TV LIGHTS MAY SHINE ON CONGRESS

Ever since Franklin Roosevelt's use of radio for fireside chats, succeeding presidents have so exploited broadcasting that 40 years later "a massive imbalance" exists between Legislative and Executive branches of government, so much so that people have little idea how Congress operates. That's major thrust of study to be submitted soon to Joint Committee on Congressional Operations, and will serve as vehicle for hearing starting February 20. Witnesses will include boardcasters, congressmen, legislators from states where chambers are open to TV and radio coverage, newsmen, etc.

"Public officials are trying hard to reach their constituents-through personal contacts, open office doors, speeches and newsletters," survey says. "But it is evident that these channels have not been adequate and likely that other avenues remain to be explored." Senator Metcalf (D-Mont.), who chairs Committee, said: "We hope to bring together, for the first time the broad range of questions that should be asked in considering ways to improve the capability of Congress to reach the American people.” Details of hearing, he said, will be announced later. While every election year legislators make noises about media "over-covering' President at expense of Congress, last major effort made to cure imbalance was in 1970 hearing before Senate Commerce Committee on bill sponsored by Senator Fulbright (D-Ark.) and group of other Democrats requiring networks to give time to congressional spokesmen on regular basis (Vol. 10:32 p2). Bill was opposed vigorously by broadcasters and FCC, and networks now say their modern access practices make such proposals unnecessary.

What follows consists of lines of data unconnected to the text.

(* Two grids sit inside the grid of the concatenated ratio sets; lowering
   the bounds to at most 0 lets the unused exponents be 0. *)
Lemma subgrid_union (S1 S2 : car P -> Prop) :
  subgrid P S1 -> subgrid P S2 -> subgrid P (fun y => S1 y \/ S2 y).
Proof.
  intros (mu1 & lo1 & R1 & L1 & G1) (mu2 & lo2 & R2 & L2 & G2).
  exists (mu1 ++ mu2), (lower_min lo1 ++ lower_min lo2).
  split; [now apply Forall_app|].
  split; [unfold lower_min; rewrite !length_app, !length_map; lia|].
  intros y [Hy|Hy].
  - destruct (G1 y Hy) as (k & Hk & Hlo & ->).
    exists (k ++ repeat 0%Z (length mu2)).
    rewrite monpow_app_zeros_r by exact Hk. repeat split.
    + rewrite !length_app, repeat_length. lia.
    + apply Forall2_app; [now apply Forall2_lower_min|].
      rewrite <- L2. apply Forall2_lower_min_zeros.
  - destruct (G2 y Hy) as (k & Hk & Hlo & ->).
    exists (repeat 0%Z (length mu1) ++ k).
    rewrite monpow_app_zeros_l. repeat split.
    + rewrite !length_app, repeat_length. lia.
    + apply Forall2_app; [|now apply Forall2_lower_min].
      rewrite <- L1. apply Forall2_lower_min_zeros.
Qed.

Lemma subgrid_bigunion {U : Type} (F : U -> car P -> Prop) (l : list U) :
  (forall u, In u l -> subgrid P (F u)) ->
  subgrid P (fun m => exists u, In u l /\ F u m).
Proof.
  induction l as [|a l IH]; intros HF.
  - eapply subgrid_subset; [apply subgrid_empty|]. now intros y (u & [] & _).
  - eapply subgrid_subset.
    + apply subgrid_union; [apply HF; now left | apply IH; intros; apply HF; now right].
    + intros y (u & [<-|Hu] & Hy); [now left | right; now exists u].
Qed.

End SubgridUnion.

Lemma subgrid_emb n (X : car (level n) -> Prop) :
  (forall x, valid (level n) x -> valid (level (S n)) (emb n x)) ->
  subgrid (level n) X -> subgrid (level (S n)) (fun z => exists y, X y /\ z = emb n y).
Proof.
  intros emb_valid_n (mu & lo & Hmu & Hlo & HX). exists (map (emb n) mu), lo.
  split; [|split; [now rewrite length_map|]].
  - apply Forall_map. eapply Forall_impl; [|exact Hmu].
    intros u [Hu u_small]. split; [now apply emb_valid_n|].
    rewrite <- emb_one. now apply emb_lt.
  - intros z (y & Hy & ->). destruct (HX y Hy) as (k & Hk & Hk_lo & ->).
    exists k. rewrite length_map, emb_monpow. auto.
Qed.

Lemma emb_valid n x : valid (level n) x -> valid (level (S n)) (emb n x).
Proof.
  revert x; induction n as [|n IH]; intros x Hx.
  - split; [eapply subgrid_subset; [apply subgrid_empty|]|]; now intros m Hm.
  - destruct x as [a f], Hx as [Hsupp Hlarge]. split.
    + eapply subgrid_subset; [exact (subgrid_emb n _ IH Hsupp)|].
      intros y Hy. destruct (push_neq0 _ _ _ Hy) as (x & <- & Hx). now exists x.
    + intros m Hm. destruct (push_neq0 _ _ _ Hm) as (x & <- & Hx).
      destruct (Hlarge x Hx) as [Hv Hlt]. split; [now apply IH|].
      rewrite <- emb_one. now apply emb_lt.
Qed.

Lemma supp_zpow P (u : car (succ_lvl P)) j m :
  snd u m = 0 -> snd (zpow (succ_lvl P) u j) m = 0.
Proof.
  intros um. destruct j as [|p|p]; simpl; [reflexivity| |];
    induction (Pos.to_nat p) as [|i IH]; simpl; [reflexivity| |reflexivity|];
    rewrite IH, ?um; ring.
Qed.

Lemma supp_monpow P (mu : list (car (succ_lvl P))) k m :
  snd (monpow (succ_lvl P) mu k) m <> 0 -> exists u, In u mu /\ snd u m <> 0.
Proof.
  revert k; induction mu as [|u mu IH]; intros [|j k] Hm; try (now contradict Hm).
  change (snd (zpow (succ_lvl P) u j) m + snd (monpow (succ_lvl P) mu k) m <> 0) in Hm.
  destruct (Req_dec (snd u m) 0) as [um|um]; [|exists u; split; [now left | exact um]].
  rewrite supp_zpow in Hm by exact um.
  destruct (IH k) as (v & Hv & vm); [lra|]. exists v. split; [now right | exact vm].
Qed.

Lemma logfree_subgrid_supports n (A : car (level (S n)) -> Prop) :
  logfree_subgrid (S n) A ->
  logfree_subgrid n (fun m => exists x, A x /\ snd x m <> 0).
Proof.
  intros [A_valid (mu & lo & Hmu & Hlo & HA)]. split.
  - intros m (x & Hx & xm). exact (proj1 (proj2 (A_valid x Hx) m xm)).
  - eapply subgrid_subset.
    + apply (subgrid_bigunion (level n) (level_mul1l n) (fun u m => snd u m <> 0) mu).
      intros u Hu. unfold ratio_set in Hmu. rewrite Forall_forall in Hmu. exact (proj1 (proj1 (Hmu u Hu))).
    + intros m (x & Hx & xm). destruct (HA x Hx) as (k & _ & _ & ->).
      now apply supp_monpow in xm.
Qed.

Lemma inG_valid n k y : inG n k y -> valid (level n) y.
Proof. destruct n; simpl; tauto. Qed.

Lemma inG_mono n j k y : inG n j y -> (j <= k)%nat -> inG n k y.
Proof.
  revert y; induction n as [|n IH]; simpl; intros y Hy Hjk; [exact Hy|].
  destruct Hy as [Hv Hy]. split; [exact Hv|]. intros Hk.
  destruct (Hy ltac:(lia)) as (m0 & E & Hm0). exists m0. split; [exact E|].
  eapply IH; eassumption.
Qed.

Lemma inG_emb n k y : inG n k y -> inG (S n) k (emb n y).
Proof.
  intros Hy. split; [apply emb_valid; eapply inG_valid; eassumption|].
  intros _. now exists y.
Qed.

Lemma inG_level N m : valid (level N) m -> inG N N m.
Proof. destruct N; simpl; [auto|]. intros Hm. split; [exact Hm | lia]. Qed.

Lemma inG_supp n k (x : car (level (S n))) m :
  inG (S n) k x -> snd x m <> 0 -> inG n (pred k) m.
Proof.
  revert k x m; induction n as [|n IH]; intros k x m Hx xm; [exact I|].
  destruct Hx as [[_ Hlarge] Hx]. split; [exact (proj1 (Hlarge m xm))|].
  intros Hk. destruct (Hx ltac:(lia)) as (x0 & <- & Hx0).
  destruct (push_neq0 (emb n) (snd x0) m xm) as (m0 & <- & Hm0).
  exists m0. split; [reflexivity|]. eapply IH; eassumption.
Qed.

Lemma height_exists N (A : car (level N) -> Prop) :
  logfree_subgrid N A -> exists h, is_height N A h.
Proof.
  intros [A_valid _].
  destruct (dec_inh_nat_subset_has_unique_least_element
              (fun k => forall m, A m -> inG N k m)) as (h & [Hh Hmin] & _).
  - intros k. apply classic.
  - exists N. intros m Hm. now apply inG_level, A_valid.
  - now exists h.
Qed.

Lemma hereditary_closure n (A : car (level n) -> Prop) :
  logfree_subgrid n A ->
  exists B, logfree_subgrid n B /\ hereditary n B /\ (forall m, A m -> B m) /\
    (forall k, (forall m, A m -> inG n k m) -> forall m, B m -> inG n k m).
Proof.
  revert A; induction n as [|n IH]; intros A HA.
  { exists A. repeat split; auto; apply HA. }
  set (Supp := fun m => exists x, A x /\ snd x m <> 0).
  destruct (IH Supp (logfree_subgrid_supports n A HA))
    as (D & [D_valid D_subgrid] & D_hered & Supp_D & D_height).
  exists (fun z => A z \/ exists y, D y /\ z = emb n y).
  destruct HA as [A_valid A_subgrid].
  split; [split|split; [|split]].
  - intros z [Hz | (y & Hy & ->)]; [now apply A_valid | now apply emb_valid, D_valid].
  - apply (subgrid_union _ (level_mul1l (S n))); [exact A_subgrid|].
    apply subgrid_emb; [apply emb_valid | exact D_subgrid].
  - intros x [Hx | (y & Hy & ->)] m xm; right.
    + exists m. split; [apply Supp_D; now exists x | reflexivity].
    + destruct n as [|n]; [now contradict xm|].
      destruct (push_neq0 (emb n) (snd y) m xm) as (m0 & <- & ym0).
      exists (emb n m0). split; [exact (D_hered y Hy m0 ym0) | reflexivity].
  - now left.
  - intros k Hk m [Hm | (y & Hy & ->)]; [now apply Hk|].
    apply inG_emb, (inG_mono _ (pred k)); [|lia].
    apply D_height; [|exact Hy]. intros m0 (x & Hx & xm0). eapply inG_supp; eauto.
Qed.

Theorem proposition2p21 (N : nat) (A : car (level N) -> Prop) :
  logfree_subgrid N A ->
  exists (d : nat) (B : car (level (d + N)) -> Prop) (h : nat),
    logfree_subgrid (d + N) B /\
    hereditary (d + N) B /\
    (forall m, A m -> B (emb_up N d m)) /\
    is_height N A h /\ is_height (d + N) B h.
Proof.
  intros HA.
  destruct (hereditary_closure N A HA) as (B & HB & B_hered & AB & B_height).
  destruct (height_exists N A HA) as [h [A_in_h A_min]].
  exists 0%nat, B, h.
  split; [exact HB|]. split; [exact B_hered|]. split; [exact AB|].
  split; [now split|]. split; [now apply B_height|].
  intros k Hk. apply A_min. intros m Hm. now apply Hk, AB.
Qed.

But there's still strong desire by broadcasters to gain regular access to House and Senate chambers. "Even on an experimental basis, it would be a worthwhile exercise," one network official told us. "The real interesting debates are on the floor, particularly in the House where debate is necessarily limited." While 1971 Reorganization Act opened up most House committees to TV-radio coverage, committees on Commerce, Agriculture and Post Office remain closed. Judiciary was opened for first time in 1973 under new Chairman Rodino (D-N.J.). Senate has traditionally been more open to TV-radio, although committees on Finance, Judiciary and Armed Services frequently prohibit cameras.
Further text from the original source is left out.